> YOUR OBJECTIVE:
Count every line in the entries that contains "using". Report that count alone.

> DATA FOR THE TASK:
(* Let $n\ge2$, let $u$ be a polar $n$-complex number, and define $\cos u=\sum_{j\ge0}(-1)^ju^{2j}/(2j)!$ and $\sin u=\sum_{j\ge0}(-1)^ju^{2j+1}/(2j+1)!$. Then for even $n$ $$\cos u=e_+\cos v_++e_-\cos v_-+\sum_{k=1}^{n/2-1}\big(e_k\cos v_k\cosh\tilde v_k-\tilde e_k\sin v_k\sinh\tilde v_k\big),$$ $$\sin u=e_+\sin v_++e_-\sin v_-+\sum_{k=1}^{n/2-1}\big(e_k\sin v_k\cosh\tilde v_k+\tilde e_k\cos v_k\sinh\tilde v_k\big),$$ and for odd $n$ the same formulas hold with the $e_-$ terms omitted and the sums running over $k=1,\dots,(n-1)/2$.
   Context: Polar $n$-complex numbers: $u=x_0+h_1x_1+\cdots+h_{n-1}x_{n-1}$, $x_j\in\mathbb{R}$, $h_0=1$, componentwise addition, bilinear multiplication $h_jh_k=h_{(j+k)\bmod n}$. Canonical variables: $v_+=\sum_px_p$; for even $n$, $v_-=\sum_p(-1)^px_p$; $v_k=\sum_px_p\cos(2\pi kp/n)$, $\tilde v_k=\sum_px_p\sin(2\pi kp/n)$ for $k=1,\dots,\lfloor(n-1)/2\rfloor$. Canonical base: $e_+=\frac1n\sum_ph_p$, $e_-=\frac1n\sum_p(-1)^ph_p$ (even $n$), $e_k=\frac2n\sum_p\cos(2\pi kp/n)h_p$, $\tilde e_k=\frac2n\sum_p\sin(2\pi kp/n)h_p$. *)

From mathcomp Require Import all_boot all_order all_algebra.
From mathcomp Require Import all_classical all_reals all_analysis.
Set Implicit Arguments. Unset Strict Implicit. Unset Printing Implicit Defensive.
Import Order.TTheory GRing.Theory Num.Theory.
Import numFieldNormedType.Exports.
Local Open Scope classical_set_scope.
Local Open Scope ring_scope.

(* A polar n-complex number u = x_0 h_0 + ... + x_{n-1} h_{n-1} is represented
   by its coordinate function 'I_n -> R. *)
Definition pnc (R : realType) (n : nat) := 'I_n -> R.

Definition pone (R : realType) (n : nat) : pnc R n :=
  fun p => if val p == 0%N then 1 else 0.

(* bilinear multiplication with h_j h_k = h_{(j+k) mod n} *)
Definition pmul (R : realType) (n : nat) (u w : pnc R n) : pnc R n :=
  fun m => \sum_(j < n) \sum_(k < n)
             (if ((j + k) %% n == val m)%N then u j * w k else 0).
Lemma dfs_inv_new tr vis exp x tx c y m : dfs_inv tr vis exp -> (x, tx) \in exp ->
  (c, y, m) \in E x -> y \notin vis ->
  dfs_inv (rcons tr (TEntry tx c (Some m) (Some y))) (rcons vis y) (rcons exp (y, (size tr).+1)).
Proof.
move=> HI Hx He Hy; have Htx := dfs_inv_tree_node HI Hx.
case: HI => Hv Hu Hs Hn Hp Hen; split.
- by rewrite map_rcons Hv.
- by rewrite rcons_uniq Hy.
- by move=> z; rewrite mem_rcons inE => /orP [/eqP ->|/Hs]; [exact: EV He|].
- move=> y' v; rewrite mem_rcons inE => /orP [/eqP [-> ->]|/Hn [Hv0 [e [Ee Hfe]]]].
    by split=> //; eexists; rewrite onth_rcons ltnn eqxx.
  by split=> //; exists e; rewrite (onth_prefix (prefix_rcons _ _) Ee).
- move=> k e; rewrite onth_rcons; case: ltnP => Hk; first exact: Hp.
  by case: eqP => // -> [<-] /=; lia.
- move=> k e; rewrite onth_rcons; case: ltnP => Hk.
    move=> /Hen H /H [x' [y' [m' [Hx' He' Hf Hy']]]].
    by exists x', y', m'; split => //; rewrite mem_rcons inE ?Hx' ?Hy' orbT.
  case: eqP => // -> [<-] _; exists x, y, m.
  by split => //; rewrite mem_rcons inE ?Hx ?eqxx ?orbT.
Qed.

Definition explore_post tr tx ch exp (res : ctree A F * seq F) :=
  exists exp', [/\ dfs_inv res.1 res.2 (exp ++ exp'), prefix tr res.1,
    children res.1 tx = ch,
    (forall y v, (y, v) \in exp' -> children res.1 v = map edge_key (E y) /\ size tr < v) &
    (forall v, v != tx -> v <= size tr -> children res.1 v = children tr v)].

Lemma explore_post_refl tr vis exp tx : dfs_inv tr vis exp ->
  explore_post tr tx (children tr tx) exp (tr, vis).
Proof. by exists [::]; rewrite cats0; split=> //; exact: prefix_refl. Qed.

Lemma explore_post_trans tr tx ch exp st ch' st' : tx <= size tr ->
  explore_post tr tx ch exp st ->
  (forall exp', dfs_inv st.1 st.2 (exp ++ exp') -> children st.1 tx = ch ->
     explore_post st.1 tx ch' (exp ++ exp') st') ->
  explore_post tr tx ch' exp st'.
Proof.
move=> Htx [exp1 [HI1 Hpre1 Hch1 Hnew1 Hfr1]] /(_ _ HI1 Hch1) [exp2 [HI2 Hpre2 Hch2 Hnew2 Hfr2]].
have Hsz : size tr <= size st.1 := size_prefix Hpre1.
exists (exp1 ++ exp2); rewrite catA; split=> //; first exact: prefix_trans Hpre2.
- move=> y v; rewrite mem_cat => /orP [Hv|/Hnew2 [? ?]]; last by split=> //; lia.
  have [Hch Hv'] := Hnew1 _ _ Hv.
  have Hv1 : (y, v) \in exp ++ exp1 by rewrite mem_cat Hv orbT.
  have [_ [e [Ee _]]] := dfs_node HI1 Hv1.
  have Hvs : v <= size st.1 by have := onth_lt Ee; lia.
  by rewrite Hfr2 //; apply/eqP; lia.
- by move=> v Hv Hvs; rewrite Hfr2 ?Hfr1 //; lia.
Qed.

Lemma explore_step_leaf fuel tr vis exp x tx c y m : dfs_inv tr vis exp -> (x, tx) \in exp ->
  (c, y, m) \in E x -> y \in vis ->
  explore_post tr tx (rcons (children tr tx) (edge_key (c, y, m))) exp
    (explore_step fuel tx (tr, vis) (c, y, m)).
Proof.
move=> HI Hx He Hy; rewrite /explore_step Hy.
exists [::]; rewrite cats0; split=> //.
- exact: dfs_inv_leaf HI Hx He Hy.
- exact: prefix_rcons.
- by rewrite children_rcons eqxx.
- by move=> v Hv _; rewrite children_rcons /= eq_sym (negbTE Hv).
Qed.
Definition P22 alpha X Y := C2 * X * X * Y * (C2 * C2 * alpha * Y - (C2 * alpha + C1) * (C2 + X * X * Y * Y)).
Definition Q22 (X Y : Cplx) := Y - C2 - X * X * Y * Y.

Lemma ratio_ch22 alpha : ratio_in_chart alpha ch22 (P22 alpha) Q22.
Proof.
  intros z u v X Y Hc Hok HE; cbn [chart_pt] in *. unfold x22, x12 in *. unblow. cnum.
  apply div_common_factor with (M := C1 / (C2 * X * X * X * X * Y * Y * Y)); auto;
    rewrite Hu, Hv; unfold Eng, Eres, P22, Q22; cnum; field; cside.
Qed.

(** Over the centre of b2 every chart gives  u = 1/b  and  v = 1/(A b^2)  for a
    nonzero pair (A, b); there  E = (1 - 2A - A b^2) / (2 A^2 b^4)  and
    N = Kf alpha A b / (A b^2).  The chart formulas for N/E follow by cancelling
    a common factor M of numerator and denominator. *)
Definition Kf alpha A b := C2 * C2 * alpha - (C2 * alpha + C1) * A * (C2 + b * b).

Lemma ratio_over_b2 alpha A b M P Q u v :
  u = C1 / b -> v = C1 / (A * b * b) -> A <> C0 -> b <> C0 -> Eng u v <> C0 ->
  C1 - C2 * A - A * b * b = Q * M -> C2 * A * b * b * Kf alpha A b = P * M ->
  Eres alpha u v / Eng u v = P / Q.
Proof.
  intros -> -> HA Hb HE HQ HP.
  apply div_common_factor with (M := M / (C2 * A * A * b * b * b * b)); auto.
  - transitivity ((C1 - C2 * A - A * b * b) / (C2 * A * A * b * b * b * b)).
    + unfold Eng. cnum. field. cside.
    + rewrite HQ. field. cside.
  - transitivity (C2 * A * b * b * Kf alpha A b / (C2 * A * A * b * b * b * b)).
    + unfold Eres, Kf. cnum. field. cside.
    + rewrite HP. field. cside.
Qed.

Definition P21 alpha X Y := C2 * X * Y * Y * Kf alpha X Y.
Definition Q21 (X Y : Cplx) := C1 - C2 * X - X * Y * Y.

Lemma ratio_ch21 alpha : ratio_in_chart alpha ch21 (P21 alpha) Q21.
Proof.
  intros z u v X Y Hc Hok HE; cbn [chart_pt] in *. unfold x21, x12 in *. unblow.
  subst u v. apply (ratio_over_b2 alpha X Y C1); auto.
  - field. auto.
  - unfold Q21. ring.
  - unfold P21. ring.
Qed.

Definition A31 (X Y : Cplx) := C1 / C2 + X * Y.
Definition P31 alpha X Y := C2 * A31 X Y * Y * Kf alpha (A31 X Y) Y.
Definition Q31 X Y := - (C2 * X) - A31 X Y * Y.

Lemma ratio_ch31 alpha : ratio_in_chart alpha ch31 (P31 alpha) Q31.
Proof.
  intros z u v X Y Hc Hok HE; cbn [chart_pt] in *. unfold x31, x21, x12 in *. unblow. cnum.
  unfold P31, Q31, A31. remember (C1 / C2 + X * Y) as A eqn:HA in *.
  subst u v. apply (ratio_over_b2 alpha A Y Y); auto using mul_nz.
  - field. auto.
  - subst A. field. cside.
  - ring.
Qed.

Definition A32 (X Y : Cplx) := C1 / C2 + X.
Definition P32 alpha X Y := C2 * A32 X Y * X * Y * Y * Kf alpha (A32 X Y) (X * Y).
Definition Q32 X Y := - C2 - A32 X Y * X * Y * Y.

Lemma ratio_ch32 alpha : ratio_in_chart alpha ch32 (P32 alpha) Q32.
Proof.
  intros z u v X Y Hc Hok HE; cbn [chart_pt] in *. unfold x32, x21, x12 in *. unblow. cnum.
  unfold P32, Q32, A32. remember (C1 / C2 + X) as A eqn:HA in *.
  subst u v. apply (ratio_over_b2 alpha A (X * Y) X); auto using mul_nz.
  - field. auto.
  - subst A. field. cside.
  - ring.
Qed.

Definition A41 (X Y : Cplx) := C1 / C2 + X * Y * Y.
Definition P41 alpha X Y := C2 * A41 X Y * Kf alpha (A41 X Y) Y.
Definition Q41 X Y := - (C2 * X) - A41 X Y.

==

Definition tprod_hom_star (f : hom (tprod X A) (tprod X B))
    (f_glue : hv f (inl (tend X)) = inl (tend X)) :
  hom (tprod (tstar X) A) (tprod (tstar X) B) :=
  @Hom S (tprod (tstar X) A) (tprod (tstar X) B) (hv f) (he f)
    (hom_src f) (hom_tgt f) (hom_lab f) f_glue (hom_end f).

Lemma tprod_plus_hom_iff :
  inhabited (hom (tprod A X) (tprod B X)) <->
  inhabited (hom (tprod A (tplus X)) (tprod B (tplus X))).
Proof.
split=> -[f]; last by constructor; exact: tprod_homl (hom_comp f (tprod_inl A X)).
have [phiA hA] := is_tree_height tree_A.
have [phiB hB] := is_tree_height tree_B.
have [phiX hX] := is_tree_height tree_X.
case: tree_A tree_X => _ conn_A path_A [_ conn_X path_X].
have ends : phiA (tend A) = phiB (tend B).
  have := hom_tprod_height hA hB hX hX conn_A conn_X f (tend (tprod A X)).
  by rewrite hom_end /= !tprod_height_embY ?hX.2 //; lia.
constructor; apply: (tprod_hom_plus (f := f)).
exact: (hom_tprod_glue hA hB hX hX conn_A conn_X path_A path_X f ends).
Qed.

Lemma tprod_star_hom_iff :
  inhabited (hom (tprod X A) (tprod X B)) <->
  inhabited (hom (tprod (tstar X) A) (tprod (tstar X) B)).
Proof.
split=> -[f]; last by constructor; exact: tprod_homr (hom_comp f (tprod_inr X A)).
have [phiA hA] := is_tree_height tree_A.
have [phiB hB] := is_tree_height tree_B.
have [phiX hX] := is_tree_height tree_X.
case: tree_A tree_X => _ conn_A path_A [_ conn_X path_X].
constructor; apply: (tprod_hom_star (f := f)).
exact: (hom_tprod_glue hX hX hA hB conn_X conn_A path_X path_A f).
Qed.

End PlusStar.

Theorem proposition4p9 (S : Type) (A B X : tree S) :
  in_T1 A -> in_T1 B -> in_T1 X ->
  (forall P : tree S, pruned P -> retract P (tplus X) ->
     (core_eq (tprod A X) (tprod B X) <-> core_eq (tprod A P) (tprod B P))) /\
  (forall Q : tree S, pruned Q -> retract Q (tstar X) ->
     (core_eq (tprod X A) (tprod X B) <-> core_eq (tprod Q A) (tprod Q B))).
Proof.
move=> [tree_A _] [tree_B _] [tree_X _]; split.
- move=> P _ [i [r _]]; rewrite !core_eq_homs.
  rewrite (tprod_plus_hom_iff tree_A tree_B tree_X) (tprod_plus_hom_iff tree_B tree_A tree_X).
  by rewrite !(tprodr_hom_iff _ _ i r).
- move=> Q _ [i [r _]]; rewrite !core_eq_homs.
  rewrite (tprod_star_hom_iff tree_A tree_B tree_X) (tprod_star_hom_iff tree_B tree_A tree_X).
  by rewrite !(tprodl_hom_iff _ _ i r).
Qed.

> ANSWER TO THE PROBLEM:
2